## GIVEN INFORMATION
(* In an unrefinable chain of M(A), each member Y other than Phi(A) is cut
   down to the next member below it by a single maximal subgroup.  Hence Y
   meets down to Phi(A) with as many maximal subgroups as there are members
   of the chain strictly below Y, and every unrefinable chain has length at
   least alpha(A).
   Conversely, pull an unrefinable chain C of M(G/N) back to G: it passes
   through N, the preimage of Phi(G/N), and extends to an unrefinable chain
   E of G.  If d members of E lie strictly below N, then preimages of an
   optimal family for G/N, together with the d maximal subgroups attached to
   N in E, give alpha(G) <= alpha(G/N) + d, while #C + d <= #E <= MaxInt(G) + 1.
   Since MaxInt(G) = alpha(G), C has length at most alpha(G/N). *)

Lemma bigminn_le_cond (I : finType) (P : pred I) (F : I -> nat) d j :
  P j -> \big[minn/d]_(i | P i) F i <= F j.
Proof. by rewrite -minEnat -leEnat; exact: Order.TotalTheory.bigmin_le_cond. Qed.

Lemma bigminn_attained (I : finType) (P : pred I) (F : I -> nat) d j :
    P j -> (forall i, P i -> F i <= d) ->
  exists2 i, P i & \big[minn/d]_(i | P i) F i = F i.
Proof.
move=> Pj leFd; rewrite -minEnat (Order.TotalTheory.bigmin_eq_arg d _ _ _ Pj) //.
by case: Order.TotalTheory.arg_minP => // i Pi _; exists i.
Qed.

Lemma leq_bigminn (I : finType) (P : pred I) (F : I -> nat) d m :
  m <= d -> (forall i, P i -> m <= F i) -> m <= \big[minn/d]_(i | P i) F i.
Proof.
move=> le_md le_mF; apply: (big_ind (fun x => m <= x)) => // x y.
by rewrite leq_min => -> ->.
Qed.

Section MaximalIntersections.
Variable gT : finGroupType.
Implicit Types (A : {group gT}) (B M X Y : {set gT}) (S : {set {set gT}}).

Lemma maximal_group_set M B : maximal M B -> group_set M.
Proof. by case/maxsetP => /andP[]. Qed.

Lemma maximal_sub M B : maximal M B -> M \subset B.
Proof.
move=> maxM; exact: proper_sub (maxgroupp (G := Group (maximal_group_set maxM)) maxM).
Qed.

Lemma Phi_sub_maximal A M : maximal M A -> 'Phi(A) \subset M.
Proof. by move=> maxM; exact: (Phi_sub_max (M := Group (maximal_group_set maxM))). Qed.

Lemma bigcap_maximal_sub B S :
  [forall M in S, maximal M B] -> S != set0 -> \bigcap_(M in S) M \subset B.
Proof.
move=> /forall_inP maxS /set0Pn[M SM].
exact: subset_trans (bigcap_inf _ SM) (maximal_sub (maxS _ SM)).
Qed.

Lemma Frattini_bigcap_maximal A :
  A :&: \bigcap_(M in [set M | maximal M A]) M = 'Phi(A).
Proof.
apply/eqP; rewrite eqEsubset subsetI Phi_sub /=; apply/andP; split.
  apply/bigcapsP => H /orP[/eqP-> | maxH]; first exact: subsetIl.
  by rewrite (subset_trans (subsetIr _ _)) // bigcap_inf ?inE.
by apply/bigcapsP => M; rewrite inE; exact: Phi_sub_maximal.
Qed.

Lemma MposetP B X :
  reflect (exists2 S : {set {set gT}},
             [forall M in S, maximal M B] & X = B :&: \bigcap_(M in S) M)
          (X \in Mposet B).
Proof.
rewrite inE; apply: (iffP orP) => [[/eqP-> | ] | [S maxS ->]].
- by exists set0; [apply/forall_inP => M; rewrite inE | rewrite big_set0 setIT].
- case/existsP => S /and3P[S0 maxS /eqP->]; exists S => //.
  by apply/esym/setIidPr; exact: bigcap_maximal_sub.
have [-> | S0] := eqVneq S set0; first by left; rewrite big_set0 setIT.
right; apply/existsP; exists S; rewrite S0 maxS /=.
by apply/eqP/setIidPr; exact: bigcap_maximal_sub.
Qed.

Lemma Mposet_sub B X : X \in Mposet B -> X \subset B.
Proof. by case/MposetP => S _ ->; exact: subsetIl. Qed.

Lemma Phi_sub_Mposet A X : X \in Mposet A -> 'Phi(A) \subset X.
Proof.
case/MposetP => S /forall_inP maxS ->; rewrite subsetI Phi_sub.
by apply/bigcapsP => M SM; exact: Phi_sub_maximal (maxS _ SM).
Qed.

Lemma Phi_Mposet A : 'Phi(A) \in Mposet A.
Proof.
apply/MposetP; exists [set M | maximal M A]; last by rewrite Frattini_bigcap_maximal.
by apply/forall_inP => M; rewrite inE.
Qed.

Lemma Mposet_setI B X M : X \in Mposet B -> maximal M B -> X :&: M \in Mposet B.
Proof.
case/MposetP => S /forall_inP maxS -> maxM; apply/MposetP; exists (M |: S).
  by apply/forall_inP => K; rewrite !inE => /predU1P[-> | /maxS].
by rewrite bigcap_setU big_set1 setIA setIAC.
Qed.

Lemma alpha_le A (S : {set {set gT}}) :
  [forall M in S, maximal M A] -> A :&: \bigcap_(M in S) M = 'Phi(A) ->
  alpha A <= #|S|.
Proof. by move=> maxS defPhi; apply: bigminn_le_cond; rewrite maxS defPhi eqxx. Qed.

Lemma alpha_attained A : exists2 S : {set {set gT}},
  [forall M in S, maximal M A] & A :&: \bigcap_(M in S) M = 'Phi(A) /\ alpha A = #|S|.
Proof.
have [S /andP[maxS /eqP defPhi] ->] : exists2 S : {set {set gT}},
    [forall M in S, maximal M A] && (A :&: \bigcap_(M in S) M == 'Phi(A)) &
    alpha A = #|S|.
  apply: (bigminn_attained (j := [set M | maximal M A])) => [|S _].
    rewrite Frattini_bigcap_maximal eqxx andbT.
    by apply/forall_inP => M; rewrite inE.
  by rewrite (leq_trans (max_card _)) // (leq_card _ (@set1_inj _)).
by exists S.
Qed.

End MaximalIntersections.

## WHAT YOU NEED TO DO
Line by line, write out the whole listing exactly.

## SOLUTION
(* In an unrefinable chain of M(A), each member Y other than Phi(A) is cut
   down to the next member below it by a single maximal subgroup.  Hence Y
   meets down to Phi(A) with as many maximal subgroups as there are members
   of the chain strictly below Y, and every unrefinable chain has length at
   least alpha(A).
   Conversely, pull an unrefinable chain C of M(G/N) back to G: it passes
   through N, the preimage of Phi(G/N), and extends to an unrefinable chain
   E of G.  If d members of E lie strictly below N, then preimages of an
   optimal family for G/N, together with the d maximal subgroups attached to
   N in E, give alpha(G) <= alpha(G/N) + d, while #C + d <= #E <= MaxInt(G) + 1.
   Since MaxInt(G) = alpha(G), C has length at most alpha(G/N). *)

Lemma bigminn_le_cond (I : finType) (P : pred I) (F : I -> nat) d j :
  P j -> \big[minn/d]_(i | P i) F i <= F j.
Proof. by rewrite -minEnat -leEnat; exact: Order.TotalTheory.bigmin_le_cond. Qed.

Lemma bigminn_attained (I : finType) (P : pred I) (F : I -> nat) d j :
    P j -> (forall i, P i -> F i <= d) ->
  exists2 i, P i & \big[minn/d]_(i | P i) F i = F i.
Proof.
move=> Pj leFd; rewrite -minEnat (Order.TotalTheory.bigmin_eq_arg d _ _ _ Pj) //.
by case: Order.TotalTheory.arg_minP => // i Pi _; exists i.
Qed.

Lemma leq_bigminn (I : finType) (P : pred I) (F : I -> nat) d m :
  m <= d -> (forall i, P i -> m <= F i) -> m <= \big[minn/d]_(i | P i) F i.
Proof.
move=> le_md le_mF; apply: (big_ind (fun x => m <= x)) => // x y.
by rewrite leq_min => -> ->.
Qed.

Section MaximalIntersections.
Variable gT : finGroupType.
Implicit Types (A : {group gT}) (B M X Y : {set gT}) (S : {set {set gT}}).

Lemma maximal_group_set M B : maximal M B -> group_set M.
Proof. by case/maxsetP => /andP[]. Qed.

Lemma maximal_sub M B : maximal M B -> M \subset B.
Proof.
move=> maxM; exact: proper_sub (maxgroupp (G := Group (maximal_group_set maxM)) maxM).
Qed.

Lemma Phi_sub_maximal A M : maximal M A -> 'Phi(A) \subset M.
Proof. by move=> maxM; exact: (Phi_sub_max (M := Group (maximal_group_set maxM))). Qed.

Lemma bigcap_maximal_sub B S :
  [forall M in S, maximal M B] -> S != set0 -> \bigcap_(M in S) M \subset B.
Proof.
move=> /forall_inP maxS /set0Pn[M SM].
exact: subset_trans (bigcap_inf _ SM) (maximal_sub (maxS _ SM)).
Qed.

Lemma Frattini_bigcap_maximal A :
  A :&: \bigcap_(M in [set M | maximal M A]) M = 'Phi(A).
Proof.
apply/eqP; rewrite eqEsubset subsetI Phi_sub /=; apply/andP; split.
  apply/bigcapsP => H /orP[/eqP-> | maxH]; first exact: subsetIl.
  by rewrite (subset_trans (subsetIr _ _)) // bigcap_inf ?inE.
by apply/bigcapsP => M; rewrite inE; exact: Phi_sub_maximal.
Qed.

Lemma MposetP B X :
  reflect (exists2 S : {set {set gT}},
             [forall M in S, maximal M B] & X = B :&: \bigcap_(M in S) M)
          (X \in Mposet B).
Proof.
rewrite inE; apply: (iffP orP) => [[/eqP-> | ] | [S maxS ->]].
- by exists set0; [apply/forall_inP => M; rewrite inE | rewrite big_set0 setIT].
- case/existsP => S /and3P[S0 maxS /eqP->]; exists S => //.
  by apply/esym/setIidPr; exact: bigcap_maximal_sub.
have [-> | S0] := eqVneq S set0; first by left; rewrite big_set0 setIT.
right; apply/existsP; exists S; rewrite S0 maxS /=.
by apply/eqP/setIidPr; exact: bigcap_maximal_sub.
Qed.

Lemma Mposet_sub B X : X \in Mposet B -> X \subset B.
Proof. by case/MposetP => S _ ->; exact: subsetIl. Qed.

Lemma Phi_sub_Mposet A X : X \in Mposet A -> 'Phi(A) \subset X.
Proof.
case/MposetP => S /forall_inP maxS ->; rewrite subsetI Phi_sub.
by apply/bigcapsP => M SM; exact: Phi_sub_maximal (maxS _ SM).
Qed.

Lemma Phi_Mposet A : 'Phi(A) \in Mposet A.
Proof.
apply/MposetP; exists [set M | maximal M A]; last by rewrite Frattini_bigcap_maximal.
by apply/forall_inP => M; rewrite inE.
Qed.

Lemma Mposet_setI B X M : X \in Mposet B -> maximal M B -> X :&: M \in Mposet B.
Proof.
case/MposetP => S /forall_inP maxS -> maxM; apply/MposetP; exists (M |: S).
  by apply/forall_inP => K; rewrite !inE => /predU1P[-> | /maxS].
by rewrite bigcap_setU big_set1 setIA setIAC.
Qed.

Lemma alpha_le A (S : {set {set gT}}) :
  [forall M in S, maximal M A] -> A :&: \bigcap_(M in S) M = 'Phi(A) ->
  alpha A <= #|S|.
Proof. by move=> maxS defPhi; apply: bigminn_le_cond; rewrite maxS defPhi eqxx. Qed.

Lemma alpha_attained A : exists2 S : {set {set gT}},
  [forall M in S, maximal M A] & A :&: \bigcap_(M in S) M = 'Phi(A) /\ alpha A = #|S|.
Proof.
have [S /andP[maxS /eqP defPhi] ->] : exists2 S : {set {set gT}},
    [forall M in S, maximal M A] && (A :&: \bigcap_(M in S) M == 'Phi(A)) &
    alpha A = #|S|.
  apply: (bigminn_attained (j := [set M | maximal M A])) => [|S _].
    rewrite Frattini_bigcap_maximal eqxx andbT.
    by apply/forall_inP => M; rewrite inE.
  by rewrite (leq_trans (max_card _)) // (leq_card _ (@set1_inj _)).
by exists S.
Qed.

End MaximalIntersections.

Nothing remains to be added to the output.